That was super cool to me, and I added a simplified version in zepto. Because the procedure that loads source files is written in zepto itself, I was able to just add a quick check to the loader that sees whether the source file starts with a #lang directive and if any function is registered that promises to be able to transform that code. It is then passed onto the function, which is expected to return regular S-expressions—another lisp-y construct—that we can then expand and evaluate as usual².

So I decided to whip up a version of that for Python and demo it in a lightning talk. Sadly, all of the spots for talks were already taken, so I shelved the project and moved on.

A few days ago I realized that this project might actually make an interesting instructional blog post, however, and here we are. What we’re going to do is write a few Python classes that will enable us to have a crude version of the #lang directive for Python files!

The source code for this project is on Github, if you want to follow along.

Just to be clear, I don’t advertise you use this for anything other than your personal enjoyment. While this concept works well for a language like Racket, it doesn’t work super well in Python.

An API

We’ll begin by defining an API. The module will be called a_bad_idea, and anyone who wants to implement a new language will first have to register their parser function. Let’s see how we would do that for a JSON file, for instance:

import json
import a_bad_idea

def json_parser(code, module):
  module.value = json.loads(code)

a_bad_idea.add_implementation("json", json_parser)

Fig. 1: A simple JSON loader.

Note that the module we get back in this case would have one definition in it named value, which is a little weird, but could potentially be convenient. Imagine having a configuration file in JSON that you want to read in; just importing it would be so much simpler, right?

We will also check that the file extension matches the name in the directive. This might seem redundant, but while we’re learning about the black magic of importers, why not do some extra credit work, right?

The code

Alright, let’s get to writing code! First of all, let’s think about how we could make that API possible. I’ll go for the simplest solution: a global dictionary in our namespace:

LANGS = {}

def add_implementation(name, parser):
  LANGS[name] = parser

Fig. 2: The code for adding languages.

That was easy! Now we can register parsers, which is great, but they won’t actually do anything yet. For that, we’ll need to talk about how finding and loading modules works in Python. The sys module has a property called meta_path, which are essentially module finders. They need to have a class method called either find_spec (since Python 3.4) or find_module (in prior versions), which will try to find the module that is being imported and then return another class that actually imports it. But we’re getting ahead of ourselves here! Let’s first insert our finder into that list:

import sys

class Finder:
  @classmethod
  def find_module(cls, fullname, path):
    pass

sys.meta_path.insert(0, Finder())

Fig. 3: A skeleton for our finder.

Alright, so as it currently stands our finder will not do anything. We’re implementing find_module because it’s called as a fallback in modern versions of Python as well, which means that it’s the only function that works across versions. If you want to make this a little prettier, you could also implement find_spec and just pass the arguments on to find_module.
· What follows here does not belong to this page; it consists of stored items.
Lemma lin_map_sum (d e : 'I_n -> nat) (F : Op R d -> Op R e) (linF : lin_map F)
    (I : Type) (s : seq I) (f : I -> C) (M : I -> Op R d) :
  F (fun x y => \sum_(j <- s) f j * M j x y) = fun x y => \sum_(j <- s) f j * F (M j) x y.
Proof.
elim: s => [|j s IH].
  under [in LHS]eq_fun do under eq_fun do rewrite big_nil.
  by rewrite lin_map0 //; apply/funext => x; apply/funext => y; rewrite big_nil.
under [in LHS]eq_fun do under eq_fun do rewrite big_cons.
by rewrite linF IH; apply/funext => x; apply/funext => y; rewrite big_cons.
Qed.

Lemma lin_map_congr (d e : 'I_n -> nat) (B : Mat R (Idx e) (Idx d)) :
  lin_map (fun X : Op R d => mulM (mulM B X) (adjM B)).
Proof.
move=> c X Y; apply/funext => x; apply/funext => y; rewrite /mulM mulr_sumr -big_split.
apply: eq_bigr => q _; rewrite !mulr_suml mulr_sumr -big_split.
by apply: eq_bigr => p _; rewrite /=; ring.
Qed.

Section LocalBranch.
Variables (k : 'I_n) (d e : 'I_n -> nat) (m : nat).
Variables (A : 'I_m -> seq (Mat R 'I_(e k) 'I_(d k))) (o : 'I_m).
Hypothesis d_eq_e : forall j, j != k -> d j = e j.

Lemma sep_lin_map_local_branch : sep_lin_map (local_branch A o).
Proof.
rewrite /local_branch; split.
- move=> c X Y; apply/funext => x; apply/funext => y.
  rewrite mulr_sumr -big_split; apply: eq_bigr => a _.
  by rewrite (lin_map_congr (lift_local a)).
- move=> X; apply/funext => x; apply/funext => y.
  rewrite [RHS]/adjM rmorph_sum; apply: eq_bigr => a _.
  by rewrite /= -[RHS]/(adjM _ x y) !adjM_mulM adjMK mulMA.
move=> X [l ->].
have term (a : Mat R 'I_(e k) 'I_(d k)) (t : {t | @cone_term R n d t}) :
    @cone_term R n e ((sval t).1, local_update a (sval t).2).
  case: t => [[c s] [c_ge0 psd_s]]; split => //= j; rewrite /local_update.
  have [-> | njk] := eqVneq j k; first by rewrite resizeM_id; exact: psd_congr.
  exact/psd_resizeM/psd_s/d_eq_e.
exists (flatten [seq [seq exist _ _ (term a t) | t <- l] | a <- A o]).
apply/funext => x; apply/funext => y; rewrite big_flatten /= big_map.
apply: eq_bigr => a _; rewrite big_map (lin_map_sum (lin_map_congr (lift_local a))).
by apply: eq_bigr => t _; rewrite lift_local_prod_op.
Qed.
(* Let $F:\mathbb{R}^n\to\mathbb{R}$ be a convex differentiable function with a minimizer $x_*$, let $\xi^{(1)},\dots,\xi^{(T)}$ be i.i.d. random variables, let $\mu_x,\mu_y\in[0,1)$ be fixed, and let $z^{(1)},\dots,z^{(T)}$ be (random) iterates produced by a base optimizer, with $x^{(1)}=z^{(1)}$, $y^{(t)}=\mu_y x^{(t)}+(1-\mu_y)z^{(t)}$, $x^{(t+1)}=\mu_x x^{(t)}+(1-\mu_x)z^{(t+1)}$, and $\bar{x}^{(T)}=\frac1T\sum_{t=1}^T x^{(t)}$. Assume the base optimizer satisfies the regret guarantee $\sum_{t=1}^T\mathbb{E}[\langle\nabla F(y^{(t)}),z^{(t)}-x_*\rangle]=\mathcal{O}(\sqrt{T})$. Then $$\mathbb{E}[F(\bar{x}^{(T)})-F(x_* )]=\mathcal{O}\Big(\frac{1}{\sqrt T}\Big).$$
   Context: This is the Generalized Primal Averaging (GPA) framework applied on top of an arbitrary base optimizer generating $z^{(t)}$; $\mathbb{E}[F(x^{(1)})-F(x_* )]$ is assumed finite and $\mu_x,\mu_y$ do not depend on $T$. *)

From HB Require Import structures.
From mathcomp Require Import all_boot all_order all_algebra.
From mathcomp Require Import all_classical all_reals all_analysis.
Set Implicit Arguments. Unset Strict Implicit. Unset Printing Implicit Defensive.
Import Order.TTheory GRing.Theory Num.Theory.
Import numFieldNormedType.Exports.
Local Open Scope classical_set_scope.
Local Open Scope ring_scope.

Definition dotv (R : realType) (n : nat) (u v : 'rV[R]_n) : R :=
  \sum_(i < n) u 0 i * v 0 i.

Definition gradient (R : realType) (n : nat) (F : 'rV[R]_n -> R) (x : 'rV[R]_n)
  : 'rV[R]_n := \row_(i < n) ('d F x (delta_mx 0 i : 'rV[R]_n)).

Definition convex_fn (R : realType) (n : nat) (F : 'rV[R]_n -> R) : Prop :=
  forall (x y : 'rV[R]_n) (l : R), 0 <= l -> l <= 1 ->
    F (l *: x + (1 - l) *: y) <= l * F x + (1 - l) * F y.

(* GPA iterates (0-based: index t here is t+1 in the paper).
   x 0 = z 0,  x (t+1) = mu_x x t + (1 - mu_x) z (t+1). *)
Fixpoint gpa_x (R : realType) (n : nat) (Omega : Type) (mux : R)
  (z : nat -> Omega -> 'rV[R]_n) (t : nat) (w : Omega) : 'rV[R]_n :=
  match t with
  | 0 => z 0%N w
  | t'.+1 => mux *: gpa_x mux z t' w + (1 - mux) *: z t'.+1 w
  end.

Definition gpa_y (R : realType) (n : nat) (Omega : Type) (mux muy : R)
  (z : nat -> Omega -> 'rV[R]_n) (t : nat) (w : Omega) : 'rV[R]_n :=
  muy *: gpa_x mux z t w + (1 - muy) *: z t w.

Definition gpa_xbar (R : realType) (n : nat) (Omega : Type) (mux : R)
  (z : nat -> Omega -> 'rV[R]_n) (T : nat) (w : Omega) : 'rV[R]_n :=
  (T%:R)^-1 *: \sum_(t < T) gpa_x mux z t w.

Definition iid_seq (d : measure_display) (Omega : measurableType d)
  (R : realType) (P : probability Omega R)
  (dX : measure_display) (X : measurableType dX) (xi : nat -> Omega -> X) : Prop :=
  [/\ (forall i, measurable_fun setT (xi i)),
      (forall (s : seq nat) (A : nat -> set X), uniq s ->
         (forall i, measurable (A i)) ->
         P (\bigcap_(i in [set` s]) (xi i @^-1` A i)) =
         (\prod_(i <- s) P (xi i @^-1` A i))%E) &
      (forall i (A : set X), measurable A ->
         P (xi i @^-1` A) = P (xi 0%N @^-1` A))].

From HB Require Import structures.
From mathcomp Require Import all_boot all_order all_algebra.
From mathcomp Require Import all_classical all_reals all_analysis.
From mathcomp Require Import ring lra.
Set Implicit Arguments.
Unset Strict Implicit.
Unset Printing Implicit Defensive.
Import Order.TTheory GRing.Theory Num.Theory.
Import numFieldNormedType.Exports.
Local Open Scope classical_set_scope.
Local Open Scope ring_scope.

(* With p = mu_x mu_y, y^(t+1) = p x^(t) + (1 - p) z^(t+1), so x^(t+1) is a
   convex combination of x^(t) and y^(t+1).  Convexity at x^(t+1) and the
   gradient inequality at y^(t+1), taken towards x^(t) and x_star, combine into
     F(x^(t+1)) - F_star <= mu_x (F(x^(t)) - F_star)
                            + (1 - mu_x) <grad F(y^(t+1)), z^(t+1) - x_star>,
   which telescopes: sum_t (F(x^(t)) - F_star) is at most the regret sum plus
   mu_x / (1 - mu_x) times its first term.  Jensen's inequality bounds
   F(xbar^(T)) by the average of the F(x^(t)); taking expectations and dividing
   the O(sqrt T) regret by T gives the rate. *)

Section convex_differentiable.
Variables (R : realType) (n : nat) (F : 'rV[R]_n -> R).
Hypothesis cF : convex_fn F.

Lemma dotv_gradient x v : dotv (gradient F x) v = 'd F x v.
Proof.
rewrite [in RHS](row_sum_delta v) linear_sum /dotv; apply: eq_bigr => i _.
by rewrite linearZ /= mxE mulrC.
Qed.

Lemma convex_sub_le_diff x y : differentiable F x -> F x - F y <= 'd F x (x - y).
Proof.
move=> dFx; rewrite -[x - y]opprB linearN /= lerNr opprB -deriveE //.
pose q h : R := h^-1 *: ((F \o shift x) (h *: (y - x)) - F x).
have q_cvg : q @ 0^' --> 'D_(y - x) F x := diff_derivable dFx.
(* On (0, 1], convexity bounds the difference quotient q by F y - F x. *)
apply: (cvgr_to_le (cvg_dnbhs_at_right q_cvg)); near=> h.
have h0 : 0 < h by near: h; exact: nbhs_right_gt.
have h1 : h <= 1 by near: h; exact: nbhs_right_le.
have := @cF y x h (ltW h0) h1.
have -> : h *: y + (1 - h) *: x = h *: (y - x) + x.
  by apply/rowP => i; rewrite !mxE; ring.
rewrite /q /= -[h^-1 *: _]/(h^-1 * _) [h^-1 * _]mulrC ler_pdivrMr //; nra.
Unshelve. all: by end_near. Qed.

Lemma convex_fn_mean_le (x : nat -> 'rV[R]_n) T :
  F (T.+1%:R^-1 *: \sum_(t < T.+1) x t) <= T.+1%:R^-1 * \sum_(t < T.+1) F (x t).
Proof.
elim: T => [|T IH].
  by rewrite !big_ord_recr !big_ord0 /= invr1 scale1r mul1r !add0r.
rewrite big_ord_recr (big_ord_recr T.+1 (fun t => F (x t))) /=.
set S := \sum_(t < T.+1) x t; set SF := \sum_(t < T.+1) F (x t).
pose l : R := T.+1%:R / T.+2%:R.
have l0 : 0 <= l by rewrite divr_ge0.
have l1 : l <= 1 by rewrite ler_pdivrMr ?ltr0n // mul1r ler_nat.
have -> : T.+2%:R^-1 *: (S + x T.+1) = l *: (T.+1%:R^-1 *: S) + (1 - l) *: x T.+1.
  by apply/rowP => i; rewrite /l !mxE; field; rewrite nat1r -natrD !pnatr_eq0.
apply: le_trans (cF _ _ l0 l1) _.
have -> : T.+2%:R^-1 * (SF + F (x T.+1)) = l * (T.+1%:R^-1 * SF) + (1 - l) * F (x T.+1).
  by rewrite /l; field; rewrite nat1r -natrD !pnatr_eq0.
by rewrite lerD2r ler_wpM2l.
Qed.

End convex_differentiable.

Lemma sum_le_of_contraction (R : realFieldType) (h g : nat -> R) (mu : R) T :
  0 <= mu -> mu < 1 -> 0 <= h T -> h 0%N <= g 0%N ->
  (forall t, h t.+1 - mu * h t <= (1 - mu) * g t.+1) ->
  \sum_(t < T.+1) h t <= \sum_(t < T.+1) g t + mu / (1 - mu) * g 0%N.
Proof.
move=> mu0 mu1 hT0 h0 hS.
have telescope : (1 - mu) * \sum_(t < T.+1) h t + mu * h T <=
                 (1 - mu) * \sum_(t < T.+1) g t + mu * g 0%N.
  elim: T {hT0} => [|T IH]; first by rewrite !big_ord1; lra.
  rewrite !(big_ord_recr T.+1) /=; have := hS T; lra.
have mu1' : 0 < 1 - mu by rewrite subr_gt0.
rewrite -(ler_pM2l mu1') mulrDr mulrA [_ * (mu / _)]mulrC divfK ?gt_eqF //.
have := mulr_ge0 mu0 hT0; lra.
Qed.

Section gpa.
Variables (R : realType) (n : nat) (F : 'rV[R]_n -> R).
Hypotheses (cF : convex_fn F) (dF : forall x, differentiable F x).

Lemma gpa_step_le (mux muy : R) (xs a z : 'rV[R]_n) :
  0 <= mux -> mux < 1 -> 0 <= muy -> muy <= 1 ->
  F (mux *: a + (1 - mux) *: z) - F xs - mux * (F a - F xs) <=
  (1 - mux) * 'd F (muy *: (mux *: a + (1 - mux) *: z) + (1 - muy) *: z) (z - xs).
Proof.
move=> mux0 mux1 muy0 muy1.
set b := mux *: a + (1 - mux) *: z; set y := muy *: b + (1 - muy) *: z.
set p := muy * mux.
have p0 : 0 <= p by rewrite mulr_ge0.
have pmux : p <= mux by rewrite /p ler_piMl.
have p1 : 0 < 1 - p by rewrite subr_gt0 (le_lt_trans pmux).
have p1' : 1 - p != 0 by rewrite gt_eqF.
have ey : y = p *: a + (1 - p) *: z by apply/rowP => i; rewrite /y /b /p !mxE; ring.
pose l := (mux - p) / (1 - p).
have l0 : 0 <= l by apply: divr_ge0; [rewrite subr_ge0 | exact: ltW].
have l1 : l <= 1 by rewrite /l ler_pdivrMr // mul1r lerD2r ltW.
have eb : b = l *: a + (1 - l) *: y by apply/rowP => i; rewrite ey /b /l !mxE; field.
have Fb : (1 - p) * F b <= (mux - p) * F a + (1 - mux) * F y.
  have -> : (mux - p) * F a + (1 - mux) * F y = (1 - p) * (l * F a + (1 - l) * F y).
    by rewrite /l; field.
  by rewrite ler_pM2l // eb; apply: cF.
have grad_a := convex_sub_le_diff cF a (dF y).
have grad_xs := convex_sub_le_diff cF xs (dF y).
have lin : p * 'd F y (y - a) + (1 - p) * 'd F y (y - xs) = (1 - p) * 'd F y (z - xs).
  have dZ c v : c * 'd F y v = 'd F y (c *: v) by rewrite linearZ.
  rewrite !dZ -linearD; congr ('d F y _).
  by apply/rowP => i; rewrite ey !mxE; ring.
have r0 : 0 <= 1 - mux by rewrite subr_ge0 ltW.
have := ler_wpM2l r0 (lerD (ler_wpM2l p0 grad_a) (ler_wpM2l (ltW p1) grad_xs)).
rewrite lin => key; rewrite -(ler_pM2l p1); lra.
Qed.

Lemma gpa_gap_le (Omega : Type) (mux muy : R) (z : nat -> Omega -> 'rV[R]_n)
    (xs : 'rV[R]_n) (w : Omega) T :
  0 <= mux -> mux < 1 -> 0 <= muy -> muy <= 1 -> (forall x, F xs <= F x) ->
  F (gpa_xbar mux z T.+1 w) - F xs <=
  T.+1%:R^-1 * (\sum_(t < T.+1) 'd F (gpa_y mux muy z t w) (z t w - xs)
                + mux / (1 - mux) * 'd F (gpa_y mux muy z 0 w) (z 0%N w - xs)).
Proof.
move=> mux0 mux1 muy0 muy1 Fmin.
pose h t := F (gpa_x mux z t w) - F xs.
pose g t := 'd F (gpa_y mux muy z t w) (z t w - xs).
have h0 : h 0%N <= g 0%N.
  have y0 : gpa_y mux muy z 0 w = z 0%N w by apply/rowP => i; rewrite !mxE; ring.
  by rewrite /h /g y0; apply: convex_sub_le_diff.
have hS t : h t.+1 - mux * h t <= (1 - mux) * g t.+1.
  exact: gpa_step_le xs (gpa_x mux z t w) (z t.+1 w) mux0 mux1 muy0 muy1.
have hT : 0 <= h T by rewrite subr_ge0.
have sum_le := sum_le_of_contraction mux0 mux1 hT h0 hS.
apply: le_trans (lerB (convex_fn_mean_le cF (fun t => gpa_x mux z t w) T) (lexx _)) _.
have -> : T.+1%:R^-1 * \sum_(t < T.+1) F (gpa_x mux z t w) - F xs =
          T.+1%:R^-1 * \sum_(t < T.+1) h t.
  rewrite sumrB sumr_const card_ord -[F xs *+ _]mulr_natl mulrBr mulrA.
  by rewrite mulVf ?pnatr_eq0 // mul1r.
by rewrite ler_wpM2l ?invr_ge0.
Qed.

End gpa.

(* No measurability is needed: the integral of a nonnegative function is the
   supremum of the integrals of the simple functions below it. *)
Lemma ge0_le_integralT d (T : measurableType d) (R : realType)
    (mu : {measure set T -> \bar R}) (f g : T -> \bar R) :
  (forall x, (0 <= f x)%E) -> (forall x, (f x <= g x)%E) ->
  (\int[mu]_x f x <= \int[mu]_x g x)%E.
Proof.
move=> f0 fg; have g0 x := le_trans (f0 x) (fg x).
rewrite !ge0_integralTE //; apply: ereal_sup_le => _ [h hf <-].
by exists h => // x; exact: le_trans (hf x) (fg x).
Qed.

Lemma mean_le_div_sqrt (R : rcfType) (A B C : R) T :
  `|A| <= C * Num.sqrt T.+1%:R ->
  T.+1%:R^-1 * (A + B) <= (C + `|B|) / Num.sqrt T.+1%:R.
Proof.
set s := Num.sqrt _ => AC.
have s0 : 0 < s by rewrite sqrtr_gt0 ltr0n.
have ss : T.+1%:R = s * s by rewrite -expr2 sqr_sqrtr ?ler0n.
have s1 : 1 <= s by rewrite -sqrtr1 ler_sqrt ?ler1n.
rewrite ss invfM -mulrA [X in _ <= X]mulrC ler_pM2l ?invr_gt0 // ler_pdivrMl //.
have := ler_norm A; have := ler_norm B; have := normr_ge0 B; nra.
Qed.

Theorem corollary1
  (R : realType) (n : nat) (F : 'rV[R]_n -> R) (xstar : 'rV[R]_n)
  (d : measure_display) (Omega : measurableType d) (P : probability Omega R)
  (dX : measure_display) (X : measurableType dX) (xi : nat -> Omega -> X)
  (mux muy : R) (z : nat -> Omega -> 'rV[R]_n) :
  convex_fn F ->
  (forall x, differentiable F x) ->
  (forall x, F xstar <= F x) ->
  iid_seq P xi ->
  0 <= mux -> mux < 1 -> 0 <= muy -> muy < 1 ->
  (* the base optimizer produces z^(t) from xi^(1), ..., xi^(t-1) *)
  (forall t : nat, exists g : ('I_(t) -> X) -> 'rV[R]_n,
      forall w, z t w = g (fun s : 'I_(t) => xi (nat_of_ord s) w)) ->
  (forall (t : nat) (i : 'I_n), measurable_fun setT (fun w => z t w 0 i)) ->
  (* E[F(x^(1)) - F(x_star)] is finite *)
  (\int[P]_w ((F (gpa_x mux z 0 w) - F xstar)%:E) < +oo)%E ->
  (* the expectations in the regret guarantee exist (are finite) *)
  (forall t : nat, P.-integrable setT
     (fun w => (dotv (gradient F (gpa_y mux muy z t w)) (z t w - xstar))%:E)) ->
  (* regret guarantee: sum_{t=1}^T E[<grad F(y^(t)), z^(t) - x_star>] = O(sqrt T) *)
  (exists (C : R) (T0 : nat), forall T : nat, (T0 <= T)%N ->
     `| \sum_(t < T) fine (\int[P]_w
           ((dotv (gradient F (gpa_y mux muy z t w)) (z t w - xstar))%:E)) |
     <= C * Num.sqrt (T%:R)) ->
  (* conclusion: E[F(xbar^(T)) - F(x_star)] = O(1 / sqrt T) *)
  exists (C : R) (T0 : nat), forall T : nat, (T0 <= T)%N -> (0 < T)%N ->
    (\int[P]_w ((F (gpa_xbar mux z T w) - F xstar)%:E)
       <= (C / Num.sqrt (T%:R))%:E)%E.
Proof.
(* The bound holds pathwise. *)
move=> cF dF Fmin _ mux0 mux1 muy0 muy1 _ _ _ ip_int [C [T0 regret]].
pose ip t w := dotv (gradient F (gpa_y mux muy z t w)) (z t w - xstar).
pose I t := fine (\int[P]_w (ip t w)%:E).
pose K := mux / (1 - mux).
exists (C + `|K * I 0%N|), T0 => -[//|T] T0T _.
have {}ip_int t : P.-integrable setT (fun w => (ip t w)%:E) := ip_int t.
have int_ip t : (\int[P]_w (ip t w)%:E = (I t)%:E)%E.
  by rewrite /I fineK; last exact: integrable_fin_num.
pose bound w := (T.+1%:R^-1%:E *
  (\sum_(t < T.+1) (ip t w)%:E + K%:E * (ip 0%N w)%:E))%E.
apply: le_trans (@ge0_le_integralT _ _ _ P _ bound _ _) _.
- by move=> w; rewrite lee_fin subr_ge0 Fmin.
- move=> w; rewrite /bound sumEFin -!EFinM lee_fin.
  have := gpa_gap_le cF dF z w T mux0 mux1 muy0 (ltW muy1) Fmin.
  by under eq_bigr do rewrite -dotv_gradient; rewrite -dotv_gradient.
have int_sum : P.-integrable setT (fun w => \sum_(t < T.+1) (ip t w)%:E).
  exact: integrable_sum.
have int_K0 : P.-integrable setT (fun w => (K%:E * (ip 0%N w)%:E)%E).
  exact: integrableZl.
rewrite /bound integralZl ?integralD ?integral_sum ?integralZl //; last exact: integrableD.
under eq_bigr do rewrite int_ip.
rewrite int_ip sumEFin -EFinM lee_fin.
exact: mean_le_div_sqrt _ (regret _ T0T).
Qed.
Now we need to make our finder actually do things. It will need to go through all the directories in the path, find the first module that is eligible, and return it. If we don’t find anything, Python will resort to the other loaders in the list.

ìmport os

class Finder:
  @classmethod
  def find_module(cls, fullname, path):
    # we need to get through the path
    for dirname in sys.path:
      # get the filename without extension
      basename = os.path.join(dirname, fullname)

      # iterate through our implementations
      for extension in LANG:
        # build the real filename
        fname = '{}.{}'.format(basename, extension)

        # and make sure it’s a file (and not a directory)
        if os.path.exists(fname) and not os.path isdir(fname):
          # check if we have the right directive and
          # return our loot
          lang = _get_lang(fname)
          if lang and lang == extension:
            return Loader(fname, lang)

Fig. 4: A real finder.

That’s a bit of a mouthful, but it’s mostly comments, and while the code uses some lesser known functions of the Python standard library, it should be somewhat straightforward. sys.path is a list of the directories that Python looks into when you import a module.

There are two things in the code in Figure 4 that we need to implement before we’re done. Firstly, we need to check for the directive and then we need to implement a loader. Because the latter is a little more work, let’s start with the former.

def _get_lang(filename):
  # we get the first line
  with open(filename) as f:
    first_line = f.readline()
  # check it for the directive
  if first_line.startswith('#lang '):
    # and get the rest of the line, stripping off the newline
    words = first_line.split(' ')
    return ' '.join(words[1:])[:-1]

Fig. 5: Checking for the directive.

As we suggested earlier, this step is basically redundant, and just there for show. We’re also not parsing anything yet, operating at a level of files and strings, which might come as a surprise.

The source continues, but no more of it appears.